What an AI report should include at a minimum: what the problem is / why it's a problem / whether it duplicates existing reports / whether it's reproducible / what its impact range is / whether a patch exists / whether the patch is reviewable.

>7-2Spec-only AI and "Slop"

A spec-only AI mass-produces plausible-looking output. It reads right, but it's drifted from the SoT and a human has to check every line to use it. This is the textbook case of "Slop" (low-quality, generic, templated AI output) discussed in the previous post. Only the AI fed the drift reasons becomes the kind that actually lowers human verification load.

▍ Context design is an ROI argument

"Accumulating context is hard." True — installing a culture of keeping the five "whys" is non-trivial. But on ROI it pays back many times over in the volume of verification and judgement the AI takes on. Burning human hours reviewing a "Slop-producing AI" is far more expensive over time.

▍ THE WORLDVIEW — accumulate, don't polish

To approach "today's truth," AI needs accumulation, not polish

What sharpens an AI agent is no longer the model or the prompt. It is whether you can accumulate the gap between spec and Source of Truth, and the reasons for the drift.

An AI fed only the spec faithfully replays past consensus. It reads neatly — but it's drifted from reality. Accumulate the drift reasons too, and the AI approaches "today's truth." Same model, same prompt — only the thickness of context differs.
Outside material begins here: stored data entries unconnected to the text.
(* Let $v=s_{\mathbf i}s_{\mathbf j}^*\in\mathrm{Cu}_2\setminus\{\lozenge\}$ and let $f\in\mathcal A$ have zero sums at $v$, i.e. $\sum_{l=0}^\infty f(s_{\mathbf i\mathbf n_l}s_{\mathbf j\mathbf n_l}^* )=0$ for every $\mathbf n\in\mathbf L$. Then $h:=\sum_{t\in S_v}f(t)\delta_t$ belongs to $\mathcal J$.
   Context: Let $\mathrm{Cu}_2$ be the involutive monoid with identity $e$ and zero element $\lozenge$ (so $\lozenge t=\lozenge=t\lozenge$ for all $t$), generated by $s_1,s_2,s_1^*,s_2^*$ subject to $s_1^*s_1=e=s_2^*s_2$ and $s_1^*s_2=\lozenge=s_2^*s_1$, with involution $t\mapsto t^*$ satisfying $(t^* )^*=t$, $(tu)^*=u^*t^*$. Let $\mathbf I_0=\{\emptyset\}$, $\mathbf I_n=\{1,2\}^n$, $\mathbf I=\bigcup_{n\ge0}\mathbf I_n$ (finite words; concatenation written $\mathbf{ij}$), and $\mathbf L=\{1,2\}^{\mathbb N}$; for $\mathbf n=(n_1,n_2,\dots)\in\mathbf L$ put $\mathbf n_0=\emptyset$, $\mathbf n_l=(n_1,\dots,n_l)$. For $\mathbf i=(i_1,\dots,i_k)\in\mathbf I$ put $s_{\mathbf i}=s_{i_1}\cdots s_{i_k}$ ($s_\emptyset=e$) and $s_{\mathbf i}^*=(s_{\mathbf i})^*$. Every $t\in\mathrm{Cu}_2\setminus\{\lozenge\}$ can be written uniquely as $t=s_{\mathbf i}s_{\mathbf j}^*$ with $\mathbf i,\mathbf j\in\mathbf I$. Let $\mathcal A=\ell^1(\mathrm{Cu}_2\setminus\{\lozenge\})$ with product $\#$ determined by bilinearity and continuity from $\delta_s\#\delta_t=\delta_{st}$ if $st\neq\lozenge$ and $\delta_s\#\delta_t=0$ if $st=\lozenge$; this is a unital Banach $*$-algebra with unit $\delta_e$ and isometric involution $f^*(s)=\overline{f(s^* )}$. Let $f_0=\delta_e-\delta_{s_1s_1^*}-\delta_{s_2s_2^*}$ and let $\mathcal J$ be the closed two-sided ideal of $\mathcal A$ generated by $f_0$. For $v=s_{\mathbf i}s_{\mathbf j}^*$, $S_v=\{s_{\mathbf{ik}}s_{\mathbf{jk}}^*:\mathbf k\in\mathbf I\}$ is the set of symmetric expansions of $v$. *)

From HB Require Import structures.
From mathcomp Require Import all_boot all_order all_algebra.
From mathcomp Require Import finmap.
From mathcomp Require Import complex.
From mathcomp Require Import all_classical all_reals all_analysis.

Set Implicit Arguments.
Unset Strict Implicit.
Unset Printing Implicit Defensive.

Import Order.TTheory GRing.Theory Num.Theory.
Import numFieldTopology.Exports numFieldNormedType.Exports.

Local Open Scope classical_set_scope.
Local Open Scope ring_scope.

(* Letters {1,2} are encoded by bool: false = 1, true = 2.                    *)
(* A finite word i in I is a [seq bool]; an infinite word n in L is a          *)
(* function nat -> bool (n_1, n_2, ... = n 0, n 1, ...).                       *)
(* An element s_i s_j^* of Cu_2 \ {zero} is represented by the pair (i, j)   *)
(* (unique normal form, as stated in the paper).                              *)

Definition word := seq bool.
Definition elt := (word * word)%type.

Definition cu_e : elt := ([::], [::]).

(* product in Cu_2: (s_i s_j^* ) (s_k s_l^* ); None encodes the zero element. *)
Definition cu_mul (a b : elt) : option elt :=
  let: (i, j) := a in let: (k, l) := b in
  if prefix j k then Some (i ++ drop (size j) k, l)
  else if prefix k j then Some (i, l ++ drop (size k) j)
  else None.

Definition trunc (n : nat -> bool) (l : nat) : word := mkseq n l.

Section Algebra.
Variable R : realType.
Local Notation C := R[i].

Definition cabs (z : C) : R := Normc.normc z.

Definition l1norm (f : elt -> C) : \bar R :=
  (\esum_(t in [set: elt]) (cabs (f t))%:E)%E.

(* membership in A = l^1(Cu_2 \ {zero}) *)
Definition inA (f : elt -> C) : Prop := (l1norm f < +oo)%E.

Definition delta (s : elt) : elt -> C := fun t => if t == s then 1 else 0.

(* unordered sums of families indexed by a choiceType: limit of the        *)
(* finite partial sums along the net of finite subsets                       *)
Definition totally {I : choiceType} : set_system {fset I} :=
  filter_from setT (fun A => [set B | (A `<=` B)%fset]).

Definition partial_sum {I : choiceType} (x : I -> C) (A : {fset I}) : C :=
  \sum_(i : A) x (val i).

Definition usum {I : choiceType} (x : I -> C) : C :=
  lim ((fun A => (partial_sum x A : (R[i])^o)) @ totally).

Definition conv (f g : elt -> C) : elt -> C := fun u =>
  usum (fun p : elt * elt => if cu_mul p.1 p.2 == Some u then f p.1 * g p.2 else 0).

Definition f0 : elt -> C :=
  fun t => delta cu_e t - delta ([:: false], [:: false]) t
                        - delta ([:: true], [:: true]) t.

Definition subspaceA (I : set (elt -> C)) : Prop :=
  [/\ (forall g, I g -> inA g),
      I (fun _ => 0),
      (forall g h, I g -> I h -> I (fun t => g t + h t)) &
      (forall (c : C) g, I g -> I (fun t => c * g t))].

Definition closedA (I : set (elt -> C)) : Prop :=
  forall g, inA g ->
    (forall e : R, 0 < e ->
       exists2 h, I h & (l1norm (fun t => (g t - h t)%R) < e%:E)%E) ->
    I g.

Definition closed_ideal (I : set (elt -> C)) : Prop :=
  [/\ subspaceA I,
      (forall a g, inA a -> I g -> I (conv a g)),
      (forall a g, inA a -> I g -> I (conv g a)) &
      closedA I].

Definition J : set (elt -> C) :=
  fun g => forall I, closed_ideal I -> I f0 -> I g.

Definition zero_sums_at (i j : word) (f : elt -> C) : Prop :=
  forall n : nat -> bool,
    series (fun l => (f (i ++ trunc n l, j ++ trunc n l) : (R[i])^o)) @ \oo --> (0 : (R[i])^o).

Definition restrict_Sv (i j : word) (f : elt -> C) : elt -> C := fun u =>
  if `[< exists k : word, u = (i ++ k, j ++ k) >] then f u else 0.

End Algebra.

From Pilot Require Import Defs.
From HB Require Import structures.
From mathcomp Require Import all_boot all_order all_algebra.
From mathcomp Require Import finmap.
From mathcomp Require Import complex.
From mathcomp Require Import all_classical all_reals all_analysis.
From mathcomp Require Import ring zify lra.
Polish documents (for humans / clients)
Accumulate context (for AI agents — keep the contradictions and wobbles)
Spec at the core of the Harness; layer "why it diverged" on the outside

Many organisations pour energy into "polishing the spec" because of the SDD boom. But the real differentiation lies elsewhere: not in polishing the spec, but in accumulating the gap with the SoT. To stop building AIs that replay "past truth," stop polishing — start accumulating.